Howard Hodgkin (1932-2017) was one of Britain’s most celebrated contemporary painters and printmakers. He was born in London on the 6th of August 1932 and lived in Hammersmith until 1940 when he was evacuated to America due to the Second World War. During his time in America he was exposed to artists such as Stuart Davis, Matisse and Picasso, which encouraged his interest in painting. Hodgkin returned to England in 1945 and was enrolled at Eton College.
Here his art teacher introduced him to the work of the seventeenth-century Indian painter Ustad Mansur whom Hodgkin became fascinated with, especially Mansur’s miniature painting ‘Chameleon’. He explained that ‘the first Indian paintings I saw astounded me because they depicted a whole world in a way which was completely convincing but totally separate from the tradition of Western art which I was used to’. Hodgkin began collecting Indian art due to this fixation, acquiring over 120 works throughout his life, The Ashmolean Museum described his collection as ‘one of the finest in the world… formed by an artist’s eye’. India was a huge source of inspiration for his own artwork also, he first visited in 1964 at the age of 32 and returned annually to his apartment in Mumbai.

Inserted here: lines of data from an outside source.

(* If the zeroth symbol of the coding separates points of K uniformly, the
   2^n words of length n give (n, c/2)-separated sets, so the entropy of F
   on K is at least log 2. *)
Lemma entropy_of_coding c :
  0 < c -> (forall a b, K a -> K b -> h a 0%Z <> h b 0%Z -> c <= d a b) ->
  entropy_ge d F K (ln 2).
Proof.
  intros Hc Hsep c' Hc'. exists (c / 2). split; [lra |]. intro n0.
  set (m := Nat.max n0 1). exists m. split; [lia |]. split; [lia |].
  set (pick := fun t => proj1_sig (constructive_indefinite_description _ (coding_onto (word_seq t)))).
  assert (Hpick : forall t, K (pick t) /\ h (pick t) = word_seq t).
  { intro t. unfold pick. destruct (constructive_indefinite_description _ _). auto. }
  assert (Hsymbol : forall t k, h (pick t) (Z.of_nat k) = nth k t false).
  { intros t k. rewrite (proj2 (Hpick t)). unfold word_seq. rewrite Nat2Z.id. auto. }
  assert (Hfar : forall t t', In t (bit_words m) -> In t' (bit_words m) -> t <> t' ->
            exists k, (k < m)%nat /\ c / 2 < d (Nat.iter k F (pick t)) (Nat.iter k F (pick t'))).
  { intros t t' Ht Ht' Hne. destruct (bit_words_differ m t t' Ht Ht' Hne) as [k [Hk Hdiff]].
    exists k. split; auto.
    destruct (coding_iter k (pick t) (proj1 (Hpick t))) as [K1 H1].
    destruct (coding_iter k (pick t') (proj1 (Hpick t'))) as [K2 H2].
    assert (c <= d (Nat.iter k F (pick t)) (Nat.iter k F (pick t'))); [| lra].
    apply Hsep; auto. rewrite H1, H2, !Hsymbol. auto. }
  exists (map pick (bit_words m)). split; [split; [| split] |].
  - apply NoDup_map_NoDup_ForallPairs; [| apply bit_words_nodup].
    intros t t' Ht Ht' E. apply NNPP. intro Hne.
    destruct (Hfar t t' Ht Ht' Hne) as [k [_ Hk]]. rewrite E, (d_self d Hd) in Hk. lra.
  - intros a Ha. apply in_map_iff in Ha as [t [<- _]]. apply Hpick.
  - intros a b Ha Hb Hab. apply in_map_iff in Ha as [t [<- Ht]].
    apply in_map_iff in Hb as [t' [<- Ht']].
    apply Hfar; auto. intros ->. auto.
  - rewrite length_map, bit_words_count, pow_INR.
    replace (INR 2) with 2 by (simpl; lra). rewrite ln_pow by lra.
    assert (0 < INR m) by (apply lt_0_INR; lia). field_simplify; lra.
Qed.

End ShiftCoding.

Section Horseshoe.
Context {X : Type} (d : X -> X -> R) (f g : X -> X).
Hypothesis Hd : is_metric d.
Hypothesis Hf : homeo_with_inverse d f g.

(* The data: the orbit segments of length n of x and y stay within gam of
   each other and are gam apart at time j0; z shadows x from time n on and
   f^P z returns near x, with P > n; the four closeness conditions allow a
   jump between consecutive blocks of less than 2 rho, which shadowing turns
   into a true orbit within beta. *)
Variables (x y z : X) (n P j0 : nat) (beta gam rho : R).
Hypothesis HnP : (n < P)%nat.
Hypothesis Hj0 : (j0 < n)%nat.
Hypothesis Hgam : forall j, (j < n)%nat -> d (Nat.iter j f x) (Nat.iter j f y) <= gam.
Hypothesis Hgam0 : d (Nat.iter j0 f x) (Nat.iter j0 f y) = gam.
Hypothesis Hbeta : 2 * beta < gam.
Hypothesis Hxy0 : d x y < rho.
Hypothesis Hxyn : d (Nat.iter n f x) (Nat.iter n f y) < rho.
Hypothesis Hzn : d (Nat.iter n f x) (Nat.iter n f z) < rho.
Hypothesis HzP : d x (Nat.iter P f z) < rho.
Hypothesis Hsh : forall xs : Z -> X, (forall k, d (f (xs k)) (xs (k + 1)%Z) < 2 * rho) ->
  exists w, forall k, d (zpow f g k w) (xs k) < beta.

Let Pz := Z.of_nat P.

Definition block_pt (w : X) (i : Z) (j : nat) : X := zpow f g (i * Pz + Z.of_nat j) w.

Definition code_pt (b : bool) : X := if b then x else y.

Definition model_pt (b : bool) (j : nat) : X :=
  Nat.iter j f (if (j <? n)%nat then code_pt b else z).

Definition pseudo_orbit (s : Z -> bool) (k : Z) : X :=
  model_pt (s (k / Pz)%Z) (Z.to_nat (k mod Pz)).

Lemma block_decomp k : exists i j, (j < P)%nat /\ k = (i * Pz + Z.of_nat j)%Z.
Proof.
  assert (HP : (0 < Pz)%Z) by (unfold Pz; lia).
  exists (k / Pz)%Z, (Z.to_nat (k mod Pz)).
  pose proof (Z.mod_pos_bound k Pz HP). pose proof (Z_div_mod_eq_full k Pz).
  split; [unfold Pz in *; lia | rewrite Z2Nat.id; lia].
Qed.

Lemma pseudo_orbit_at s i j :
  (j < P)%nat -> pseudo_orbit s (i * Pz + Z.of_nat j) = model_pt (s i) j.
Proof.
  intro Hj. unfold pseudo_orbit.
  replace ((i * Pz + Z.of_nat j) / Pz)%Z with i
    by (apply (Z.div_unique _ _ _ (Z.of_nat j)); unfold Pz in *; lia).
  rewrite <- (Z.mod_unique (i * Pz + Z.of_nat j) Pz i (Z.of_nat j)) by (unfold Pz; lia).
  rewrite Nat2Z.id. reflexivity.
Qed.

Lemma block_pt_shift w e i j :
  block_pt (zpow f g (e * Pz) w) i j = block_pt w (i + e) j.
Proof.
  unfold block_pt. rewrite (zpow_add d f g Hf). f_equal. lia.
Qed.

Lemma rho_pos : 0 < rho.
Proof. pose proof (d_pos d Hd x y). lra. Qed.

Lemma code_pt_near b : d x (code_pt b) < rho.
Proof. pose proof rho_pos. destruct b; simpl; auto. rewrite (d_self d Hd). lra. Qed.

Lemma code_pt_near_n b : d (Nat.iter n f (code_pt b)) (Nat.iter n f x) < rho.
Proof.
  pose proof rho_pos. destruct b; simpl; [rewrite (d_self d Hd); lra |].
  rewrite (d_sym d Hd). auto.
Qed.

Hodgkin was chosen to represent Britain at the Venice Biennale in 1984. His selected paintings were controversially displayed on green walls rather than the traditional white. His reasoning behind this was that white would distract from his paintings due to the bright Venetian sunlight. Hodgkin wanted to evoke a cohesive sense of spontaneity throughout the exhibition despite each piece taking a long period of time to complete. He worked from memory to create all of his artwork, sometimes layering several different recollections over one another. For example, David’s Pool at Night recalls an evening Hodgkin spent at David Hockney’s home in LA in 1979 with Peter Blake.
A year after the Venice Biennale, Hodgkin won the Turner prize with his print For Bernard Jacobson, a print dedicated to the art dealer and publisher. The piece depicts the view from a balcony in India in the evening with banana leaves framing the image. Hodgkin occasionally dedicated his prints to important people in his life such as For Antony a piece he produced in 2015 devoted to music writer Antony Peattie, his lifelong partner.
Hodgkin continued to paint even during the final years of his life however he revealed during an interview with BBC Newsnight in 2014 that his process had changed dramatically. He no longer felt that he had the time to plan his paintings, ‘I used to make drawings, do all sorts of obvious things and now I just get in and do it’. Howard Hodgkin died in London on the 9th of March 2017 just two weeks before his show ‘Absent Friends’ opened at the National Portrait Gallery.
His work is held in some of the most important collections in the world such as The National Gallery of Australia; The National Gallery of Art, Washington D.C; Museum of Panjab University, India; Scottish National Gallery of Modern Art and Tate, London.